Task item. What number of lines in the data below contain the string "split"? Answer with that number alone.

Information.
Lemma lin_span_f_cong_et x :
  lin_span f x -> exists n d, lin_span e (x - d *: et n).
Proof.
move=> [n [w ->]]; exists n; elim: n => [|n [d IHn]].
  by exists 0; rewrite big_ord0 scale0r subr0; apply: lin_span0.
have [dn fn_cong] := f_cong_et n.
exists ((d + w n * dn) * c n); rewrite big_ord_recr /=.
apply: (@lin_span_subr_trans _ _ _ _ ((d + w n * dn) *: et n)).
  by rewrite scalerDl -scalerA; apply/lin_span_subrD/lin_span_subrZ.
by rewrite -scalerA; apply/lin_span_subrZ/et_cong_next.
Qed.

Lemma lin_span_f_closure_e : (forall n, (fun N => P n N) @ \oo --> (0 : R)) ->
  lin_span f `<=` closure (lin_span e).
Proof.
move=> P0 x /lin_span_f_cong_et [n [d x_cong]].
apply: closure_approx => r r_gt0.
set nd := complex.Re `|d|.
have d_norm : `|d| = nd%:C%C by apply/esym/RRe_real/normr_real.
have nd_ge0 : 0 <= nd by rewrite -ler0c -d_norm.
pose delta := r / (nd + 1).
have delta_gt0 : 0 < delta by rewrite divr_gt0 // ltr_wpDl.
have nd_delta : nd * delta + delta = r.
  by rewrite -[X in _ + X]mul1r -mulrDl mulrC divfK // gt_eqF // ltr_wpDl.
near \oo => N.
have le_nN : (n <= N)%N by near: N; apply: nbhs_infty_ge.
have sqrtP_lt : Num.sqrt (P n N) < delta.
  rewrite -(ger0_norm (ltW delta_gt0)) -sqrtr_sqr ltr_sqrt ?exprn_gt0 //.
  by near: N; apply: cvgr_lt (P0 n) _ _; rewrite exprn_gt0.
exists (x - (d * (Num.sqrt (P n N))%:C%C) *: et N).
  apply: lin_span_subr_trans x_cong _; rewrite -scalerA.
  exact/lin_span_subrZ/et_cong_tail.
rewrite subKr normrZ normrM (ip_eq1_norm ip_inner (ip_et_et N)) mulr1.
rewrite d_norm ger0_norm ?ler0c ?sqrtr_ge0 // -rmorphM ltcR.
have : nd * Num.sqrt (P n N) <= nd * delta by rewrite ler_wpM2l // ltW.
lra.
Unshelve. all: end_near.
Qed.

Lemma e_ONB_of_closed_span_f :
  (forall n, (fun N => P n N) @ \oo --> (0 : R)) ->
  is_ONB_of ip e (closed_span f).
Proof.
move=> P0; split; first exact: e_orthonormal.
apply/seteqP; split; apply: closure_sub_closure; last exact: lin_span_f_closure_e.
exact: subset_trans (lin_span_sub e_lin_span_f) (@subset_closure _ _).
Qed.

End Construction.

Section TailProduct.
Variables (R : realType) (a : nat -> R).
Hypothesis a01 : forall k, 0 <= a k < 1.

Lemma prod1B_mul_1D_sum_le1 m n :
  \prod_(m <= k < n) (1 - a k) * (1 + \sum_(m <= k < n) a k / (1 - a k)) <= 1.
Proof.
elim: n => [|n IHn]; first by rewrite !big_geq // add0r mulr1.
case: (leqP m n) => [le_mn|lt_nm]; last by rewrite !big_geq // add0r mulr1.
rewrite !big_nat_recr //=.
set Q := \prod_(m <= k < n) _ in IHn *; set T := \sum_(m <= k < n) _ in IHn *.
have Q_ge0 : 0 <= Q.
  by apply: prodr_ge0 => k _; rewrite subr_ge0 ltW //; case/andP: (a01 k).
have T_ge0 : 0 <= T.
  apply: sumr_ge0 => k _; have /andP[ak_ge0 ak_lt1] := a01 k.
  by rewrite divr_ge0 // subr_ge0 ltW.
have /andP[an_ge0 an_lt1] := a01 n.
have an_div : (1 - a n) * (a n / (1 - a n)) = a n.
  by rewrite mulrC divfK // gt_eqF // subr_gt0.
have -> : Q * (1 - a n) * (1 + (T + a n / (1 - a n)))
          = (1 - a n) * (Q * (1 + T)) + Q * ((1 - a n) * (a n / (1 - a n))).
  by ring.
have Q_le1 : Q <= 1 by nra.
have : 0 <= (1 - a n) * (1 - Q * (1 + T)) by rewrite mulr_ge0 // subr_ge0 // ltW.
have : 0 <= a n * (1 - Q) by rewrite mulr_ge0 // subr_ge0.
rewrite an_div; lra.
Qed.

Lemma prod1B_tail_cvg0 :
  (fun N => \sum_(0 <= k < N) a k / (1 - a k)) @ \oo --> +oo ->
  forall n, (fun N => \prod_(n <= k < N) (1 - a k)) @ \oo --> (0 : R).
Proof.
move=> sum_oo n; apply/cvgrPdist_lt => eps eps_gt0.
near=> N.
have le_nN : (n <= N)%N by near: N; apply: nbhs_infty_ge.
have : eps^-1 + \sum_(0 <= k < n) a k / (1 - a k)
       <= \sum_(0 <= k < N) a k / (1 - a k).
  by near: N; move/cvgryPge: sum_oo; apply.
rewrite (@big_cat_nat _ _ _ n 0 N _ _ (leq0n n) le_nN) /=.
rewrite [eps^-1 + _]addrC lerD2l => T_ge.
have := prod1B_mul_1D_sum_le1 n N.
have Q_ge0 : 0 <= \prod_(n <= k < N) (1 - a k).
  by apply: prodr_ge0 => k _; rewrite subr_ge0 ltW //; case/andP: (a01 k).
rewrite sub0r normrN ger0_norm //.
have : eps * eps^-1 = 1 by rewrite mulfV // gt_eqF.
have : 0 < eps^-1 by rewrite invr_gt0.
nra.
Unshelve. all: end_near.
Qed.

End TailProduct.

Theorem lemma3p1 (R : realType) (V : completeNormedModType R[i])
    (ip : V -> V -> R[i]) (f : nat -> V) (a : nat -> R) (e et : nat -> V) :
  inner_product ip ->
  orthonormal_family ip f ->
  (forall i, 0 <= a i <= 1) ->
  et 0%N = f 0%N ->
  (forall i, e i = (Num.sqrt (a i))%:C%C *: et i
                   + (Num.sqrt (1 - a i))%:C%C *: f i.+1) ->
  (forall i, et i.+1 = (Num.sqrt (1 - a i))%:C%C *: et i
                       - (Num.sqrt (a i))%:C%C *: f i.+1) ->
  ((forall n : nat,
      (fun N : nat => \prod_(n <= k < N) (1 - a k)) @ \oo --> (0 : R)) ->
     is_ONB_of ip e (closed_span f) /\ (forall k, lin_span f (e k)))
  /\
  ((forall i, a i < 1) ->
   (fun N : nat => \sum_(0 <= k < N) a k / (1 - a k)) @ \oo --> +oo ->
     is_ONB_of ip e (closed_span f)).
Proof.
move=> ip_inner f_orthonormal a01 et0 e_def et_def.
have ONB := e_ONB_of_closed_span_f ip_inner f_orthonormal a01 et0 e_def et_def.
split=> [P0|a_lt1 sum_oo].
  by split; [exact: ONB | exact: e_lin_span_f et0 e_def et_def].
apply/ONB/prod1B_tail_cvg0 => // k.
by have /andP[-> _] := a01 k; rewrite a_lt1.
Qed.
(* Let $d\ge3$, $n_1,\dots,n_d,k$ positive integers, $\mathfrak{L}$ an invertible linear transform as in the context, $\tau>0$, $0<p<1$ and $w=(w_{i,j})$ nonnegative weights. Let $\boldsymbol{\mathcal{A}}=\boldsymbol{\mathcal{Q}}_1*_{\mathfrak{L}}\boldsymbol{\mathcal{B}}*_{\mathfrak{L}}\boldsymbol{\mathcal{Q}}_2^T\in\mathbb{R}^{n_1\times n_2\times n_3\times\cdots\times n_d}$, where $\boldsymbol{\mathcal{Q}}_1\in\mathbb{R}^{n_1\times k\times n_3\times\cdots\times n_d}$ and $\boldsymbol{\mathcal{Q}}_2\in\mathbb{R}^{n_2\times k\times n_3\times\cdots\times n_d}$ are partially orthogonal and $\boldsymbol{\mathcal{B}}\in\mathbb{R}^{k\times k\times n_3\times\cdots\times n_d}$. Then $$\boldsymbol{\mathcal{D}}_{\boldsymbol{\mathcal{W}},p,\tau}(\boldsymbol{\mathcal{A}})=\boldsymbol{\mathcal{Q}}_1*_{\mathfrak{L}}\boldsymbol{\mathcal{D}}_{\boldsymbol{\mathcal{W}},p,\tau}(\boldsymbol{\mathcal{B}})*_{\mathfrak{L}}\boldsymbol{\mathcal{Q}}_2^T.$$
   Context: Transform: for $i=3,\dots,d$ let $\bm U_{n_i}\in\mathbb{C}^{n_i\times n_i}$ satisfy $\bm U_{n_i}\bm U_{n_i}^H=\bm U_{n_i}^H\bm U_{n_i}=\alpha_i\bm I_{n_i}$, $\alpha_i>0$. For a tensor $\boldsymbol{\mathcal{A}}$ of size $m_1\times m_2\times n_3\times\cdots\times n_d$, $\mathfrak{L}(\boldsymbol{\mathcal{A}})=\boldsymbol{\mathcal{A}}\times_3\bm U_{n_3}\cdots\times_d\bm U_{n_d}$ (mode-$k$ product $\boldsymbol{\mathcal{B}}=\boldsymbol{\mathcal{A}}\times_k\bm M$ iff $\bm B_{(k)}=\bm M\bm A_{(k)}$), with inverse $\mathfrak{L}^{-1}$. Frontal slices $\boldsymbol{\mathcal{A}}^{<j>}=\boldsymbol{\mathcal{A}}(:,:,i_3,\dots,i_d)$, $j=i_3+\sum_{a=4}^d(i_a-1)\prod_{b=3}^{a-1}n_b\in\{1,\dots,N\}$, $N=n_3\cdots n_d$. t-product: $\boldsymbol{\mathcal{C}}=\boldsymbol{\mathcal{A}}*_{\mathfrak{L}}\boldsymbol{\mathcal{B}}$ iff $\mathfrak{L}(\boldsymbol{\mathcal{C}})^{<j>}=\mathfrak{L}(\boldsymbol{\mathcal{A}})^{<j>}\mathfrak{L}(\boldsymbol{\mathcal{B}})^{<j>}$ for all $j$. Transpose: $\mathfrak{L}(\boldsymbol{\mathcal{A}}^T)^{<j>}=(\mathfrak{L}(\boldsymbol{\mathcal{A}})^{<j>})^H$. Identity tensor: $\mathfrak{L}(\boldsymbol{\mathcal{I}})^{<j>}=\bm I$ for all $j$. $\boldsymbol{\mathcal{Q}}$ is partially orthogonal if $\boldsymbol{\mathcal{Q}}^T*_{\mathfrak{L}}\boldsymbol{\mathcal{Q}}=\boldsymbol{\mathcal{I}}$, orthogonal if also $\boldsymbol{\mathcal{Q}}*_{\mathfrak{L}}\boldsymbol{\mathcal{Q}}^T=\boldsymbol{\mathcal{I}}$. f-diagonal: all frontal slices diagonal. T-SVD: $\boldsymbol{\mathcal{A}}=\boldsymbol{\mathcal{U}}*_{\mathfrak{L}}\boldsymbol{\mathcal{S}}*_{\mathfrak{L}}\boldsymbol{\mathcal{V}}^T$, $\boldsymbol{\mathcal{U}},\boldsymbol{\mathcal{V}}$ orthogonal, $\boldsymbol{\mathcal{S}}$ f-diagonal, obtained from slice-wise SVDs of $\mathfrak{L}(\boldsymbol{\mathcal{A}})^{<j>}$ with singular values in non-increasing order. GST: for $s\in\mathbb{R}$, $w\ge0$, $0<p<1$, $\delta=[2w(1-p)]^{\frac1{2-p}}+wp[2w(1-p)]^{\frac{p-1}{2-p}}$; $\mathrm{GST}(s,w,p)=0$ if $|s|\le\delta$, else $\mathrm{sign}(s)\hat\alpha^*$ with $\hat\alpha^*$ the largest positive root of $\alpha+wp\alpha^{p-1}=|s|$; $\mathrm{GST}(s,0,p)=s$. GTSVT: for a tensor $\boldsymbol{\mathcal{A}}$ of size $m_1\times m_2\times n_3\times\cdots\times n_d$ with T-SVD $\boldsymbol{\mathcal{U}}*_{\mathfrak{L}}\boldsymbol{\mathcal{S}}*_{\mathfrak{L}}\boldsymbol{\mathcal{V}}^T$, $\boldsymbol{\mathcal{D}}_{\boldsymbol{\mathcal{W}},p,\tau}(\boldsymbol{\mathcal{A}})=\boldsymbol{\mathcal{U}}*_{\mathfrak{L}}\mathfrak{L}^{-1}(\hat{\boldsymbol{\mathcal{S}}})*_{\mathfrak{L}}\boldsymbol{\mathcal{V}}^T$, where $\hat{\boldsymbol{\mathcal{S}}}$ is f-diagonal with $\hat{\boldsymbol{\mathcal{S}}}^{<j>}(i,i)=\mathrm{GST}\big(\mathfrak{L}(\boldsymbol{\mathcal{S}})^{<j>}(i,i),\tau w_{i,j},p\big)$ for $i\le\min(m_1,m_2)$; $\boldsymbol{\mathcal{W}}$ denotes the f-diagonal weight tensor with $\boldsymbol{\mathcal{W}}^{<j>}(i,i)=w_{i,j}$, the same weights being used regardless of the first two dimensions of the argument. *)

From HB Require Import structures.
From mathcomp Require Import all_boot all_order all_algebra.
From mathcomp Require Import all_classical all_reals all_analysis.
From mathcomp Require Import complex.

Answer for the task. 4